> **Task description**
Copy each line in the data below that contains the word "ltxx".

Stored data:
== Segment start ==
Lemma normc_euler_denom_sqr_sub_num a b P : a ^+ 2 + b ^+ 2 = 1 ->
  normc (denom (a +i* b) P) ^+ 2
    - normc (denom (a +i* b) P + (a +i* b - 1) * P%:C) ^+ 2
  = 2 * (P ^+ 4 - P ^+ 3 - P) * (1 - a).
Proof.
move=> ab1; rewrite normc_euler_denom_sqr normc_euler_num_sqr.
by rewrite (_ : b ^+ 2 = 1 - a ^+ 2); [ring | lra].
Qed.

Lemma euler_term_bounds (c : R[i]) (P : R) : normc c = 1 -> 2 <= P ->
  let e := 1 + (c - 1) * P%:C / denom c P in
  [/\ normc e <= 1, (normc e = 1 -> c = 1) & normc (e - 1) <= 4 / (P * (P - 1))].
Proof.
case: c => a b c1 P2 e.
have ab1 : a ^+ 2 + b ^+ 2 = 1 by move: (normc_sqrE (a +i* b)); rewrite c1 expr1n.
have D_ge := normc_euler_denom_ge ab1 P2.
have D_gt0 : 0 < normc (denom (a +i* b) P) by apply: lt_le_trans D_ge; nra.
have D_neq0 : denom (a +i* b) P != 0.
  by apply: contraTneq D_gt0 => ->; rewrite normc0 ltxx.
have sqr_sub := normc_euler_denom_sqr_sub_num P ab1.
have K_gt0 : 0 < P ^+ 4 - P ^+ 3 - P by nra.
have eE : e = (denom (a +i* b) P + (a +i* b - 1) * P%:C) / denom (a +i* b) P.
  by rewrite mulrDl divff.
split.
- rewrite eE normcM normcV ler_pdivrMr // mul1r.
  rewrite -ler_sqr ?nnegrE ?normc_ge0 // -subr_ge0 sqr_sub.
  by apply: mulr_ge0; [rewrite mulr_ge0 // ltW | nra].
- rewrite eE normcM normcV => /divr1_eq /eqP.
  rewrite -(eqrXn2 (n := 2)) ?normc_ge0 // eq_sym.
  rewrite -subr_eq0 sqr_sub mulf_eq0 mulf_eq0 pnatr_eq0 (gt_eqF K_gt0) /=.
  rewrite subr_eq0 => /eqP a1; move: ab1; rewrite -a1 expr1n => /eqP.
  by rewrite addrC -subr_eq0 addrK sqrf_eq0 => /eqP ->.
- have normc_num_le : normc ((a +i* b - 1) * P%:C) <= 2 * P.
    rewrite normcM normc_real ger0_norm ?ler_wpM2r //; try lra.
    by rewrite (le_trans (le_normcD _ _)) // normcN normc1 c1.
  rewrite /e addrAC subrr add0r normcM normcV.
  rewrite ler_pdivrMr //; apply: (le_trans normc_num_le).
  apply: le_trans (ler_wpM2l _ D_ge); last by rewrite divr_ge0 // mulr_ge0; lra.
  by rewrite mulrAC ler_pdivlMr; nra.
Qed.
Lemma prox_hull_convex : convex_fun (moreau_env l f) -> convex_fun H.
Proof.
move=> E_convex y1 y2 t t01.
set m := t *: y1 + (1 - t) *: y2.
apply: ge_ereal_sup => _ [z _ <-].
set z1 := z + (y1 - m); set z2 := z + (y2 - m).
have z12 : t *: z1 + (1 - t) *: z2 = z by apply/rowP => i; rewrite /z1 /z2 /m !mxE; ring.
have y1z1 : y1 - z1 = m - z by apply/rowP => i; rewrite /z1 !mxE; ring.
have y2z2 : y2 - z2 = m - z by apply/rowP => i; rewrite /z2 !mxE; ring.
have := E_convex z1 z2 t t01.
rewrite z12 !(moreau_envE f_neq_ninfty f_z0 prox_ex) -!EFinM -EFinD lee_fin => Ez.
have := prox_hull_ge y1 z1; have := prox_hull_ge y2 z2.
rewrite y1z1 y2z2; set Q := (2 * l)^-1 * sqnorm (m - z) => H2 H1.
case/andP: t01 => t0 t1.
apply: (@le_trans _ _ ((t * (E z1 - Q) + (1 - t) * (E z2 - Q))%:E)).
  by rewrite lee_fin; lra.
rewrite EFinD !EFinM; apply: leeD; apply: lee_wpmul2l => //; rewrite lee_fin; lra.
Qed.

(* With [q] a proximal point of [y + l w], the quadratic minorant of [H] at
   [y + l w] and the affine minorant of [H] at [y] squeeze [q] onto [y]. *)
Lemma le_prox_hull_of_subgrad y w : H y \is a fin_num ->
  (forall q, (H y + (dotv w (q - y))%:E <= H q)%E) -> (f y <= H y)%E.
Proof.
move=> Hy_fin subgrad.
set zq := y + l *: w; have [q Hq] := prox_ex zq.
have fq_fin := prox_map_fin_num f_neq_ninfty f_z0 Hq.
have upper := prox_hull_ge y zq.
have lower := le_trans (subgrad q) (prox_hull_le q).
rewrite (moreau_envrE f_neq_ninfty f_z0 Hq) -(fineK Hy_fin) lee_fin in upper.
rewrite -(fineK Hy_fin) -(fineK fq_fin) -EFinD lee_fin in lower.
have yzq : y - zq = - (l *: w) by apply/rowP => i; rewrite /zq !mxE; ring.
have qzq : q - zq = (q - y) - l *: w by apply/rowP => i; rewrite /zq !mxE; ring.
rewrite yzq qzq sqnormN sqnormB !sqnormZ dotvZr -addrA in upper.
rewrite dotvC in lower.
set D := dotv (q - y) w in upper lower; set S := sqnorm (q - y) in upper.
have quad_eq : (2 * l)^-1 * (S - 2 * (l * D) + l ^+ 2 * sqnorm w) -
  (2 * l)^-1 * (l ^+ 2 * sqnorm w) = (2 * l)^-1 * S - D by field; rewrite gt_eqF.
rewrite quad_eq in upper.
have : (2 * l)^-1 * S <= 0 by lra.
rewrite pmulr_rle0 ?invr_gt0 ?mulr_gt0 // => S_le0.
have S0 : S = 0 by apply/eqP; rewrite eq_le S_le0 sqnorm_ge0.
move/eqP: (S0); rewrite sqnorm_eq0 subr_eq0 => /eqP qy.
have D0 : D = 0 by rewrite /D qy subrr dotv0l.
rewrite -{1}qy -(fineK fq_fin) -(fineK Hy_fin) lee_fin.
by rewrite S0 D0 mulr0 subr0 addr0 in upper.
Qed.

(* If [f p > H p], a proximal point [y] of [H] at [p] for a small parameter
   lies in the neighbourhood where [f > H p] by lower semicontinuity, while
   convexity of [H] gives it a subgradient at [y], so [f y <= H y <= H p]. *)
Lemma le_prox_hull : lsc f -> convex_fun (moreau_env l f) -> forall p, (f p <= H p)%E.
Proof.
move=> f_lsc E_convex p.
have := prox_hull_neq_ninfty p; case Hp: (H p) => [r| |] // _; last by rewrite leey.
rewrite leNgt; apply/negP => r_lt_fp.
have [e e0 ball_sub] := (nbhs_ballP _ _).1 (f_lsc _ _ r_lt_fp).
have gap_ge0 : 0 <= r - E p.
  by have := prox_hull_ge p p; rewrite Hp subrr sqnorm0 mulr0 subr0 lee_fin subr_ge0.
have [mu /andP[mu0 mul] mu_small] := small_prox_parameter l_gt0 gap_ge0 e0.
have H_ge y : ((E p - (2 * l)^-1 * sqnorm (y - p))%:E <= H y)%E := prox_hull_ge y p.
have [y Hy] := prox_map_nonempty prox_hull_lsc prox_hull_z0 H_ge mu0 mul p.
have y_near : sqnorm (y - p) < e ^+ 2.
  apply: mu_small; have := prox_map_sqnorm_le prox_hull_neq_ninfty Hy H_ge.
  by rewrite Hp lee_fin; lra.
have Hy_le_r : (H y <= r%:E)%E.
  have := Hy p; rewrite subrr sqnorm0 mulr0 adde0 Hp; apply: le_trans.
  by rewrite leeDl // lee_fin mulr_ge0 ?sqnorm_ge0 // invr_ge0 mulr_ge0 // ltW.
have Hy_fin : H y \is a fin_num.
  by move: Hy_le_r (prox_hull_neq_ninfty y); case: (H y).
have y_subgrad := subgrad_of_convex_prox_subdiff prox_hull_neq_ninfty
  (prox_hull_convex E_convex) mu0 (prox_map_subdiff prox_hull_neq_ninfty prox_hull_z0 mu0 Hy).
have fy_le := le_prox_hull_of_subgrad Hy_fin y_subgrad.
have r_lt_fy : (r%:E < f y)%E := ball_sub _ (ball_of_sqnorm_lt e0 y_near).
by have := lt_le_trans r_lt_fy (le_trans fy_le Hy_le_r); rewrite ltxx.
Qed.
== Segment end ==
> **Task response**
  by apply: contraTneq D_gt0 => ->; rewrite normc0 ltxx.
by have := lt_le_trans r_lt_fy (le_trans fy_le Hy_le_r); rewrite ltxx.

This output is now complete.